Exercise details
Read the entries below and pull out each line with the string "rewrite".

Saved entries:
Lemma lyapunov_step (R : realType) (lam L rho M P1 Pk Dky D1y Dk1 Dm : R) :
  0 < lam -> 0 < L -> Dky <= rho * Dm ->
  lam * P1 <= lam * Pk + ((1 + lam * L) * Dky - (1 - lam * L) * D1y - Dk1) ->
  lam * (P1 + M * Dk1) <= lam * (Pk + M * Dm)
    + (- (lam * M - rho * (1 + lam * L)) * Dm - (1 - lam * L) * D1y - (1 - lam * M) * Dk1).
Proof.
move=> lam0 L0 restart step.
have lamL1 : 0 <= 1 + lam * L by have := mulr_gt0 lam0 L0; lra.
have := ler_wpM2l lamL1 restart; lra.
Qed.

Lemma lyapunov_nonincreasing (R : realType) (lam L rho M P1 Pk D1y Dk1 Dm : R) :
  0 < lam -> 0 <= D1y -> 0 <= Dk1 -> 0 <= Dm ->
  lam * L < 1 -> rho * (1 + lam * L) < lam * M -> lam * M < 1 ->
  lam * (P1 + M * Dk1) <= lam * (Pk + M * Dm)
    + (- (lam * M - rho * (1 + lam * L)) * Dm - (1 - lam * L) * D1y - (1 - lam * M) * Dk1) ->
  P1 + M * Dk1 <= Pk + M * Dm.
Proof.
move=> lam0 D1y0 Dk10 Dm0 lamL1 rhoM lamM1 step.
have e1 : 0 <= (lam * M - rho * (1 + lam * L)) * Dm by apply: mulr_ge0 => //; lra.
have e2 : 0 <= (1 - lam * L) * D1y by apply: mulr_ge0 => //; lra.
have e3 : 0 <= (1 - lam * M) * Dk1 by apply: mulr_ge0 => //; lra.
rewrite -(ler_pM2l lam0); lra.
Qed.

Theorem mainTheorem3 (R : realType) (n : nat) (C : set 'rV[R]_n)
  (phi f g : 'rV[R]_n -> \bar R)
  (xkm1 xk xk1 : 'rV[R]_n) (beta : R) (fh : 'rV[R]_n -> \bar R) (L lam : R) :
  open C -> convex_setE C -> C !=set0 ->
  standing C phi f g ->
  econvex g ->
  C xkm1 -> C xk -> 0 <= beta -> beta < 1 ->
  let yk := xk + beta *: (xk - xkm1) in
  C yk ->
  auxiliary C phi f fh xk ->
  smad C fh phi L ->
  0 < lam ->
  closure C xk1 ->
  (forall x, closure C x ->
     ((dotv (egrad fh yk) (xk1 - yk))%:E + g xk1 + lam^-1%:E * bregE phi xk1 yk
      <= (dotv (egrad fh yk) (x - yk))%:E + g x + lam^-1%:E * bregE phi x yk)%E) ->
  C xk1 ->
  let Psi := (fun x => f x + g x)%E in
  (lam%:E * Psi xk1 <= lam%:E * Psi xk
     + ((1 + lam * L) * breg phi xk yk - (1 - lam * L) * breg phi xk1 yk
        - breg phi xk xk1)%:E)%E /\
  (forall rho : R, 0 < rho -> rho <= 1 ->
     breg phi xk yk <= rho * breg phi xkm1 xk ->
     forall M : R, 0 < M ->
     (lam%:E * (Psi xk1 + (M * breg phi xk xk1)%:E)
       <= lam%:E * (Psi xk + (M * breg phi xkm1 xk)%:E)
          + (- (lam * M - rho * (1 + lam * L)) * breg phi xkm1 xk
             - (1 - lam * L) * breg phi xk1 yk
             - (1 - lam * M) * breg phi xk xk1)%:E)%E) /\
  (forall rho : R, 0 < rho -> rho <= 1 ->
     breg phi xk yk <= rho * breg phi xkm1 xk ->
     forall M : R, 0 < M ->
     0 < lam * L -> lam * L < 1 ->
     rho * (1 + lam * L) < lam * M -> lam * M < 1 ->
     (Psi xk1 + (M * breg phi xk xk1)%:E
       <= Psi xk + (M * breg phi xkm1 xk)%:E)%E).
Proof.
move=> _ cvxC _ [[[_ [_ [cvx_phi [_ [_ [_ [phi_fin [phi_diff _]]]]]]]] _]
  [_ [_ [_ [f_fin _]]]] [[g_ninfty _] _] _ _] cvx_g Cxkm1 Cxk _ _ yk Cyk
  [_ [_ [_ [[fh_fin [fh_diff _]] [f_le_fh [fh_eq _]]]]]] smad_fh lam0 _ opt Cxk1 Psi.
have opt_C z (Cz : C z) := opt z (subset_closure Cz).
have [gxk_oo | /negPf gxk_noo] := eqVneq (g xk) +oo%E.
  have Psik : Psi xk = +oo%E by rewrite /Psi gxk_oo -(fineK (f_fin _ Cxk)) addey.
  by split; [|split] => *; rewrite Psik ?addye // ?gt0_muley ?lte_fin // ?addye // leey.
have gxk_fin : g xk \is a fin_num by rewrite fin_numE g_ninfty gxk_noo.
have gxk1_fin : g xk1 \is a fin_num.
  rewrite fin_numE g_ninfty /=; apply/eqP => gxk1_oo; move: (opt_C xk Cxk).
  by rewrite gxk1_oo !(bregE_fin phi_fin) // -(fineK gxk_fin) addey // addye.
have step := inertial_step_descent cvxC phi_fin phi_diff smad_fh fh_diff cvx_g g_ninfty
  lam0 Cyk Cxk Cxk1 gxk_fin gxk1_fin (fine_le (f_fin _ Cxk1) (fh_fin _ Cxk1) (f_le_fh _ Cxk1))
  (congr1 fine fh_eq) opt_C.
have PsiE x : C x -> g x \is a fin_num -> Psi x = (fine (f x) + fine (g x))%:E.
  by move=> Cx gx_fin; rewrite /Psi EFinD !fineK // f_fin.
rewrite !PsiE //; split; [|split].
- by rewrite -EFinM -EFinD lee_fin.
- move=> rho _ _ restart M _; rewrite -!EFinD -!EFinM -?EFinD lee_fin.
  exact: lyapunov_step lam0 (proj1 smad_fh) restart step.
- move=> rho _ _ restart M _ _ lamL1 rhoM lamM1; rewrite -!EFinD lee_fin.
  apply: (lyapunov_nonincreasing lam0 _ _ _ lamL1 rhoM lamM1);
    last exact: lyapunov_step lam0 (proj1 smad_fh) restart step.
  all: exact: (breg_ge0 cvxC phi_fin phi_diff cvx_phi).
Qed.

Solution to this problem
rewrite -(ler_pM2l lam0); lra.
  have Psik : Psi xk = +oo%E by rewrite /Psi gxk_oo -(fineK (f_fin _ Cxk)) addey.
  by split; [|split] => *; rewrite Psik ?addye // ?gt0_muley ?lte_fin // ?addye // leey.
have gxk_fin : g xk \is a fin_num by rewrite fin_numE g_ninfty gxk_noo.
  rewrite fin_numE g_ninfty /=; apply/eqP => gxk1_oo; move: (opt_C xk Cxk).
  by rewrite gxk1_oo !(bregE_fin phi_fin) // -(fineK gxk_fin) addey // addye.
  by move=> Cx gx_fin; rewrite /Psi EFinD !fineK // f_fin.
rewrite !PsiE //; split; [|split].
- by rewrite -EFinM -EFinD lee_fin.
- move=> rho _ _ restart M _; rewrite -!EFinD -!EFinM -?EFinD lee_fin.
- move=> rho _ _ restart M _ _ lamL1 rhoM lamM1; rewrite -!EFinD lee_fin.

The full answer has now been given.